Сталинская травма – неглубокая для собственно русских. Нация должна быть
небольшой, чтобы навсегда запомнить то, что с ней сделали. - Как у эстонцев депортация?
- Конечно. Или как голод у украинцев или Холокост у евреев. А у
русских, сколько я ни пытался расспрашивать, все равно самой сильной
травмой остается воспоминание о коллективизации, послевоенный голод,
может быть – даже не сама война. Хотя, конечно, блокадников здесь
следовало бы выделить как отдельную группу. - Связано ли возрождение культа Сталина в том числе с новой исторической травмой, а именно, с распадом СССР?
- Конечно. - Как пережить эту травму?
- Не знаю. Но я видел простых англичан, которые благополучно пережили
распад Британской империи, хотя, конечно, это тяжело. И меня удивляет,
что многие мои друзья поддались имперскому синдрому. Я сам еще в 70-е
годы писал из ссылки, что Украина должна стать самостоятельной, и все
время допытывался у своих друзей, как они к этой идее относятся. У них
это, конечно, вызывало смех, но это все-таки произошло, и оказалось, что
это очень трудно перенести. - Как вы считаете, насколько этот имперский комплекс силен у нас, у эстонских русских?

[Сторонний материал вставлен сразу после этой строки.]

(** ** Subgradients, graphical derivatives and subregularity *)

(** A quadratic minorant touching [f] at [x] with slope [v] makes [v] a
    (regular, hence limiting) subgradient of [f] at [x]. *)
Lemma subdiff_of_quadratic_minorant n (f : vec n -> xreal) x fx v C d :
  f x = Fin fx -> d > 0 -> C >= 0 ->
  (forall y, norm (vsub y x) < d ->
     xle (Fin (fx + dot v (vsub y x) - C * norm (vsub y x) ^ 2)) (f y)) ->
  subdiff f x v.
Proof.
  intros Hx Hd HC Hy. exists fx. split; auto.
  assert (Hu : epi f (pairv x (rv fx))) by (exists x, fx; rewrite Hx; simpl; split; [reflexivity|lra]).
  split; auto.
  exists (fun _ => pairv x (rv fx)), (fun _ => pairv v (rv (-1))).
  split; [auto|split; [apply vconv_const|split; [apply vconv_const|]]].
  intros _. split; auto. intros e He.
  set (d' := Rmin d (e / (C + 1))).
  assert (Hd' : d' > 0) by (apply Rmin_pos; auto; apply Rdiv_lt_0_compat; lra).
  exists d'. split; auto.
  intros u' [y [t [-> Ht]]] Hn.
  rewrite pairv_sub, dot_pairv, vsub_rv, dot_rv. rewrite pairv_sub, vsub_rv in Hn.
  destruct (norm_pairv_bounds _ _ (vsub y x) (rv (t - fx))) as [Hcomp _].
  pose proof (Rmin_l d (e / (C + 1))). pose proof (Rmin_r d (e / (C + 1))).
  specialize (Hy y ltac:(unfold d' in *; lra)).
  assert (Hval : fx + dot v (vsub y x) - C * norm (vsub y x) ^ 2 <= t).
  { destruct (f y); simpl in *; try tauto; lra. }
  set (a := norm (vsub y x)) in *. set (b := norm (pairv (vsub y x) (rv (t - fx)))) in *.
  pose proof (norm_nonneg _ (vsub y x)) as Ha. fold a in Ha.
  assert (Hquad : C * a ^ 2 <= e * b).
  { assert (Ha' : a <= e / (C+1)) by (unfold d' in *; lra).
    assert (C * a <= e) by
      (apply Rle_trans with ((C+1) * (e/(C+1))); [nra|right; field; lra]).
    nra. }
  lra.
Qed.

Lemma gder_iff n (f : vec n -> xreal) xb w z :
  gder f xb vzero w z <-> exists (t : nat -> R) (wk zk : nat -> vec n),
    down_to_0 t /\ vconv wk w /\ vconv zk z /\
    forall k, subdiff f (vadd xb (vscal (t k) (wk k))) (vscal (t k) (zk k)).
Proof.
  split.
  - intros [t [vk [Ht [Hv Hm]]]]. exists t, (fun k => fstv (vk k)), (fun k => sndv (vk k)).
    assert (Hcomp : forall k, norm (vsub (fstv (vk k)) w) <= norm (vsub (vk k) (pairv w z)) /\
                              norm (vsub (sndv (vk k)) z) <= norm (vsub (vk k) (pairv w z))).
    { intro k. rewrite <- (pairv_eta _ _ (vk k)), pairv_sub, fst_pairv, snd_pairv.
      destruct (norm_pairv_bounds _ _ (vsub (fstv (vk k)) w) (vsub (sndv (vk k)) z)) as [H1 [H2 _]].
      auto. }
    split; auto. split; [|split].
    + intros e He. destruct (Hv e He) as [N HN]. exists N. intros k Hk.
      eapply Rle_lt_trans; [apply Hcomp|apply HN; auto].
    + intros e He. destruct (Hv e He) as [N HN]. exists N. intros k Hk.
      eapply Rle_lt_trans; [apply Hcomp|apply HN; auto].
    + intro k. destruct (Hm k) as [x [v [E Hs]]].
      rewrite <- (pairv_eta _ _ (vk k)), pairv_scal, pairv_add in E.
      assert (Ex := f_equal fstv E). assert (Ev := f_equal sndv E).
      rewrite !fst_pairv in Ex. rewrite !snd_pairv in Ev. subst x v.
      replace (vadd vzero (vscal (t k) (sndv (vk k)))) with (vscal (t k) (sndv (vk k))) in Hs by vext.
      exact Hs.
  - intros [t [wk [zk [Ht [Hw [Hz Hs]]]]]]. exists t, (fun k => pairv (wk k) (zk k)).
    split; auto. split.
    + intros e He. destruct (Hw (e/2)) as [N1 H1]; [lra|]. destruct (Hz (e/2)) as [N2 H2]; [lra|].
      exists (max N1 N2). intros k Hk. rewrite pairv_sub.
      eapply Rle_lt_trans; [apply norm_pairv_bounds|].
      specialize (H1 k ltac:(lia)). specialize (H2 k ltac:(lia)). lra.
    + intro k. exists (vadd xb (vscal (t k) (wk k))), (vscal (t k) (zk k)). split; auto.
      rewrite pairv_scal, pairv_add. f_equal. vext.
Qed.

Lemma gder_of_eventually n (f : vec n -> xreal) xb w z (t : nat -> R) (wk zk : nat -> vec n) K :
  down_to_0 t -> vconv wk w -> vconv zk z ->
  (forall k, (k >= K)%nat -> subdiff f (vadd xb (vscal (t k) (wk k))) (vscal (t k) (zk k))) ->
  gder f xb vzero w z.
Proof.
  intros [Ht1 Ht2] Hw Hz Hs. apply gder_iff.
  exists (fun k => t (K + k)%nat), (fun k => wk (K + k)%nat), (fun k => zk (K + k)%nat).
  split; [split; auto; apply Un_cv_shift; auto|].
  split; [apply vconv_shift; auto|]. split; [apply vconv_shift; auto|].
  intro k. apply Hs. lia.
Qed.

Definition subdiff_estimate {n} (f : vec n -> xreal) (xb : vec n) : Prop :=
  exists kk d, kk > 0 /\ d > 0 /\
    forall x, norm (vsub x xb) < d -> forall v, subdiff f x v -> norm (vsub x xb) <= kk * norm v.

Lemma subdiff_estimate_kernel n (f : vec n -> xreal) xb :
  subdiff_estimate f xb -> forall w, gder f xb vzero w vzero -> w = vzero.
Proof.
  intros [kk [dd [Hkk [Hdd Hest]]]] w Hg. apply gder_iff in Hg.
  destruct Hg as [t [wk [zk [[Ht1 Ht2] [Hwk [Hzk Hs]]]]]].
  apply norm_eq0. apply Rle_antisym; [|apply norm_nonneg].
  (* [|w_k| <= kk |z_k|] eventually, and [z_k -> 0] *)
  destruct (vconv_along_direction _ xb t wk w Ht2 Hwk dd Hdd) as [N HN].
  assert (Hle : forall k, (k >= N)%nat -> norm (wk k) <= kk * norm (zk k)).
  { intros k Hk. specialize (Hest _ (HN k Hk) _ (Hs k)). specialize (Ht1 k).
    rewrite vsub_add_scal, !norm_scal, Rabs_right in Hest by lra.
    apply (Rmult_le_reg_l (t k)); auto. lra. }
  apply Rnot_lt_le. intro Hpos.
  destruct (vconv_norm _ _ _ Hwk (norm w / 2)) as [N1 HN1]; [lra|].
  destruct (Hzk (norm w / (4 * kk))) as [N2 HN2]; [apply Rdiv_lt_0_compat; lra|].
  set (k := max N (max N1 N2)). specialize (Hle k ltac:(lia)).
  specialize (HN1 k ltac:(lia)). specialize (HN2 k ltac:(lia)).
  unfold R_dist in HN1. apply Rabs_def2 in HN1. rewrite vsub_zero_r in HN2.
  assert (kk * norm (zk k) < norm w / 4).
  { apply Rlt_le_trans with (kk * (norm w / (4 * kk))); [apply Rmult_lt_compat_l; auto|].
    right. field. lra. }
  lra.
Qed.

Lemma subdiff_estimate_of_kernel n (f : vec n -> xreal) xb :
  (forall w, gder f xb vzero w vzero -> w = vzero) -> subdiff_estimate f xb.
Proof.
  intro Hker. apply NNPP. intro Hn.
  (* failure of the estimate with constant [k+1] within distance [tk k] *)
  assert (Hseq : forall k, exists xv, norm (vsub (fst xv) xb) < tk k /\ subdiff f (fst xv) (snd xv) /\
                   norm (vsub (fst xv) xb) > INR (S k) * norm (snd xv)).
  { intro k. apply NNPP. intro Hn2. apply Hn. exists (INR (S k)), (tk k).
    split; [apply lt_0_INR; lia|]. split; [apply tk_pos|].
    intros x Hx v Hv. apply Rnot_lt_le. intro Hlt. apply Hn2. exists (x, v). auto. }
  destruct (choice _ Hseq) as [xv Hxv].
  set (d := fun k => norm (vsub (fst (xv k)) xb)).
  assert (Hd : forall k, d k > 0).
  { intro k. destruct (Hxv k) as [_ [_ H3]]. pose proof (norm_nonneg _ (snd (xv k))).
    pose proof (pos_INR (S k)). unfold d. nra. }
  destruct (directions_cluster n xb (fun k => fst (xv k)) Hd) as [phi [w [Hphi [Hw Hcv]]]].
  set (z := fun k => vscal (/ d k) (snd (xv k))).
  assert (Hz : forall k, norm (z k) < tk k).
  { intro k. unfold z. rewrite norm_scal, Rabs_right by (apply Rle_ge, Rlt_le, Rinv_0_lt_compat, Hd).
    destruct (Hxv k) as [_ [_ H3]]. change (d k > INR (S k) * norm (snd (xv k))) in H3. specialize (Hd k).
    assert (HI : INR (S k) > 0) by (apply lt_0_INR; lia). unfold tk.
    apply (Rmult_lt_reg_l (d k * INR (S k))); [nra|].
    replace (d k * INR (S k) * (/ d k * norm (snd (xv k)))) with (INR (S k) * norm (snd (xv k)))
      by (field; lra).
    replace (d k * INR (S k) * / INR (S k)) with (d k) by (field; lra). lra. }
  apply (unit_neq0 _ w Hw), Hker, gder_iff.
  exists (fun j => d (phi j)), (fun j => vscal (/ d (phi j)) (vsub (fst (xv (phi j))) xb)), (fun j => z (phi j)).
  split; [split|split; [exact Hcv|split]].
  - intro; apply Hd.
  - apply Un_cv_subseq; auto. apply (Un_cv_dominated _ tk); [|apply tk_cv].
    intro k. split; [apply Hd|apply Hxv].
  - apply vconv_iff. apply (Un_cv_squeeze0 _ (fun j => tk (phi j))).
    + intro j. rewrite vsub_zero_r. split; [apply norm_nonneg|apply Rlt_le, Hz].
    + apply Un_cv_subseq; [apply tk_cv|auto].
  - intro j. pose proof (Hd (phi j)). rewrite recompose_direction by lra.
    replace (vscal (d (phi j)) (z (phi j))) with (snd (xv (phi j)))
      by (apply functional_extensionality; intro i; unfold z, vscal; field; lra).
    apply Hxv.
Qed.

- Мне их очень трудно понять. Я не понял до конца, имперский ли это
комплекс. Кажется, здешние русские давно стали чем-то особенным, они и
раньше-то отличались от «российских». А недавно я подумал: если бы они
переехали в Россию, долго ли они смогли бы там находиться? Как пережили
бы встречу со своими родными? Насколько они отдалены от них? А потом
стал разбирать список тех благ, которыми местные русские обладают: дачу
имеешь, живешь не хуже, за границу ездишь, зарплату получаешь не меньше,
чем в России, можешь все, что угодно, говорить и про эстонцев, и про
советскую власть, и про нынешнюю эстонскую. А что плохо? Тебя унижают,
на тебя внимания не обращают? - Дело ведь в том, что пространство этой русскости в Эстонии постоянно сокращается. Начиная с русского образования...
- Я прошел это в Германии, наблюдая за своим сыном, и понял, что с моим
поколением кончается отношение моей семьи к русской культуре. - Это хорошо?
- Если плохо, тогда надо переезжать. Тут у вас ведь еще и другая
проблема – нетерпение эстонцев. Подождали бы не одно поколение, а два, и
вся проблема решилась бы сама собой. - В Германии ведь не настолько велико русское население, она не
граничит с Россией, там нет совершенно русских городов вроде Нарвы –
это же совсем другая ситуация...
- Может быть, имело бы смысл вообще Нарву сделать русским городом, даже
если эстонцы озабочены тем, чтобы сделать ее шведским городком... А
проблема русских, на самом деле, в отличие от малых народов и эстонцев в
том числе, заключается в том, что у них нет никакой национальной идеи и
национального единства. Это, кстати, и в лагере было заметно.